The importance of the cognitive foundations of political order becomes clearer once we broaden the scope of the analysis beyond Europe. Political orders based on cognitive rules that can be refuted by not meeting the standards of proof defined by the rule were particularly vulnerable. This was the case in China where the cognitive rule justifying the Chinese emperor was that he held a mandate from Heaven (e.g., Zhao, Reference Zhao2009). The mandate manifested itself in peace and prosperity for which the emperor was responsible. Chinese dynasties were in jeopardy and even ended whenever some combination of population growth, climatic change, natural disasters, political weakness due to internal divisions, and external attacks invalidated the mandates (Morris, Reference Morris2010).
To sum up, the political foundations of legitimate rulers in Europe changed over time due to cognitive innovations, changes in balance of power, and strategic interactions. In particular, following the collapse of the Roman Empire, traditional or hereditary rights and consent provided the basic for political legitimacy in the new political entities, many of which were initially pagans. As Christianity spread, the papacy introduced the concept of Christian king based on which it could have become the kingmaker in Europe. In this quest, the papacy benefited from conflict between the monarchy and nobility. The king-making powers of the Church, however, endangered existing royal houses and other powerful actors, thereby, undermining itself. The monarchs initially weakened the power of the papacy by reviving legitimacy by consent and by allying themselves in strengthening the commoners, particularly the cities. Subsequently, however, the cognitive innovation of divine right strengthened by national churches and support by the weakened nobility enabled the rulers to restrict the power of the commoners as well.
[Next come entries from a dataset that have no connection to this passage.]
(* Let $E$ and $D$ be open ellipsoids in $\mathbb{R}^n$, $n\ge2$ (sets of the form $\{x: {}^t(x-c)P(x-c)<1\}$ with $P$ positive definite), whose boundaries do not intersect transversally at any point, i.e. at every point of $\partial E\cap\partial D$ the normal vectors to $\partial E$ and $\partial D$ are linearly dependent. If $E\cap D\ne\emptyset$, then $E\subset D$ or $D\subset E$. *)

From HB Require Import structures.
From mathcomp Require Import all_boot all_order all_algebra.
From mathcomp Require Import reals.
Set Implicit Arguments. Unset Strict Implicit. Unset Printing Implicit Defensive.
Import Order.TTheory GRing.Theory Num.Theory.
Local Open Scope ring_scope.

Definition qform (R : realType) (n : nat) (P : 'M[R]_n) (c x : 'cV[R]_n) : R :=
  (((x - c)^T *m P *m (x - c)) 0 0).

Definition posdef (R : realType) (n : nat) (P : 'M[R]_n) : Prop :=
  P^T = P /\ forall x : 'cV[R]_n, x != 0 -> 0 < ((x^T *m P *m x) 0 0).

Definition ellipsoid (R : realType) (n : nat) (P : 'M[R]_n) (c : 'cV[R]_n)
  : 'cV[R]_n -> Prop := fun x => qform P c x < 1.

Definition ellipsoid_boundary (R : realType) (n : nat) (P : 'M[R]_n) (c : 'cV[R]_n)
  : 'cV[R]_n -> Prop := fun x => qform P c x = 1.

(* normal vector to the boundary at x: the gradient 2 P (x - c) of the
   defining quadratic function *)
Definition ellipsoid_normal (R : realType) (n : nat) (P : 'M[R]_n) (c x : 'cV[R]_n)
  : 'cV[R]_n := 2%:R *: (P *m (x - c)).

Definition lin_dep (R : realType) (n : nat) (u v : 'cV[R]_n) : Prop :=
  exists a b : R, (a != 0 \/ b != 0) /\ a *: u + b *: v = 0.

(* If neither ellipsoid contains the other, convexity yields points w and w'
   of the boundary of E = {q_P < 1}, with w inside D = {q_Q < 1} and w' outside
   its closure.  Pick b != 0 tangent to the boundary of E at w.  Stereographic
   projection from w parametrises the conic cut out of that boundary by the
   plane through w spanned by w' - w and b, rationally in t, with t = 0 giving
   w' and t -> +-oo giving back w.  Clearing denominators, q_Q - 1 along the
   conic becomes a quartic that is positive at 0 and has negative leading
   coefficient, hence has a positive and a negative root.  At a root the conic
   meets the boundary of D, where by hypothesis the two boundaries are tangent;
   then q_Q - 1 restricted to the boundary of E is a quadratic form in the
   displacement from the contact point, so the root is double.  But a quartic
   with two double roots has the sign of its leading coefficient at 0. *)

From HB Require Import structures.
From mathcomp Require Import all_boot all_order all_algebra.
From mathcomp Require Import reals polyrcf ring lra zify.
From Stdlib Require Import Classical.
Set Implicit Arguments. Unset Strict Implicit. Unset Printing Implicit Defensive.
Import Order.TTheory GRing.Theory Num.Theory.
Local Open Scope ring_scope.
(* Let $V$ be a braided vector space of diagonal type over a field $F$ of characteristic zero with basis $x_1,\dots,x_n$ and braiding $C(x_i\otimes x_j)=p_{i,j}x_j\otimes x_i$, and let $\mathfrak B(V)$ be its Nichols algebra. The following are equivalent: (1) $\mathfrak B(V)=F\oplus\mathfrak L(V)_L$; (2) $\mathfrak B(V)=F\oplus\mathfrak L^-(V)$; (3) $p_{i,i}=-1$ and $p_{i,j}p_{j,i}=1$ for all $1\le i\ne j\le n$, and for every $m\ge2$ and every strictly decreasing sequence of letters $h_1>h_2>\cdots>h_m$ in $\{x_1,\dots,x_n\}$ (with $x_1<\cdots<x_n$) there exists $\tau\in\mathbb S_m$ such that $\prod_{j=1}^{m-1}\bigl(p_{h_{\tau(j)},\,h_{\tau(m)}\cdots h_{\tau(j+1)}}-1\bigr)\neq0$.
   Context: $\mathfrak B(V)=T(V)/\bigoplus_{m\ge2}\ker S_m$ is $\mathbb Z^n$-graded with $\deg x_i=e_i$; for homogeneous $u,v$ with $\deg u=\sum a_ie_i$, $\deg v=\sum b_je_j$ put $p_{u,v}=\prod p_{i,j}^{a_ib_j}$. $\mathfrak L(V)_L$ is the Lie subalgebra of $\mathfrak B(V)$ generated by $V$ under $[u,v]_L=p_{v,u}uv-p_{u,v}vu$; $\mathfrak L^-(V)$ is the Lie subalgebra generated by $V$ under $[u,v]^-=uv-vu$; $F$ denotes the scalars $F\cdot1$ and equalities are as vector spaces. *)

From HB Require Import structures.
From mathcomp Require Import all_boot all_order all_algebra all_fingroup.
Set Implicit Arguments. Unset Strict Implicit. Unset Printing Implicit Defensive.
Import GRing.Theory.
Local Open Scope ring_scope.

(* words in the letters x_0, ..., x_{n-1} (the paper's x_1 < ... < x_n) *)
Definition word (n : nat) := seq 'I_n.

(* coefficient functions on words; T(V) is the subspace of finitely
   supported ones (noncommutative polynomials in x_0..x_{n-1}) *)
Definition tens (F : Type) (n : nat) := word n -> F.

Definition tfinsupp (F : fieldType) n (f : tens F n) : Prop :=
  exists s : seq (word n), forall w, w \notin s -> f w = 0.

Definition tadd (F : fieldType) n (f g : tens F n) : tens F n := fun w => f w + g w.
Definition tsub (F : fieldType) n (f g : tens F n) : tens F n := fun w => f w - g w.
Definition tscale (F : fieldType) n (c : F) (f : tens F n) : tens F n := fun w => c * f w.
Definition tmul (F : fieldType) n (f g : tens F n) : tens F n :=
  fun w => \sum_(k < (size w).+1) f (take k w) * g (drop k w).
Definition tone (F : fieldType) n : tens F n := fun w => (w == [::])%:R.
Definition tgen (F : fieldType) n (i : 'I_n) : tens F n := fun w => (w == [:: i])%:R.

(* braid-lifted action of s in S_m on a word of length m (diagonal braiding
   C(x_i ⊗ x_j) = p i j x_j ⊗ x_i):
   x_{v_1}...x_{v_m} |-> (prod_{a<b, s a > s b} p v_a v_b) x_{v_{s^-1 1}} ... x_{v_{s^-1 m}} *)
Definition perm_word n m (s : 'S_m) (v : m.-tuple 'I_n) : word n :=
  [seq tnth v ((s^-1)%g k) | k <- enum 'I_m].
Definition perm_coef (F : fieldType) n (p : 'I_n -> 'I_n -> F) m (s : 'S_m)
  (v : m.-tuple 'I_n) : F :=
  \prod_(a : 'I_m) \prod_(b : 'I_m | ((a < b) && (s b < s a))%N) p (tnth v a) (tnth v b).

(* quantum symmetrizer S = ⊕_m S_m, S_m = sum_{s in S_m} (braid lift of s) *)
Definition symmetrizer (F : fieldType) n (p : 'I_n -> 'I_n -> F) (f : tens F n)
  : tens F n :=
  fun w => \sum_(v : (size w).-tuple 'I_n)
             \sum_(s : 'S_(size w) | perm_word s v == w) perm_coef p s v * f v.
4. The cognition of modern growth: progress, science, and technology
The European Enlightenment is a hugely complex and controversial topic; specialists still disagree on many aspects including whether we should think of a common denominator to the rather divergent views that constituted it, or whether we should speak of many 'enlightenments' and leave it at that. For the economic historian, however, the significance of the Enlightenment is above all concentrated in the belief in progress, in the capability of economic agents to work successfully towards improving their lives. New discoveries and instruments emerging after 1500 showed the many errors of classical learning and raised skepticism and contestability of age-old accepted beliefs to the level of a cognitive rule. Evidence and logic replaced unassailable authority. In this intellectual environment, the Enlightenment emerged triumphant (Mokyr, Reference Mokyr2016). It bears emphasis that radical skepticism and contestability of received wisdom were found in other societies, but never to the extent and with a force it attained in early modern Europe.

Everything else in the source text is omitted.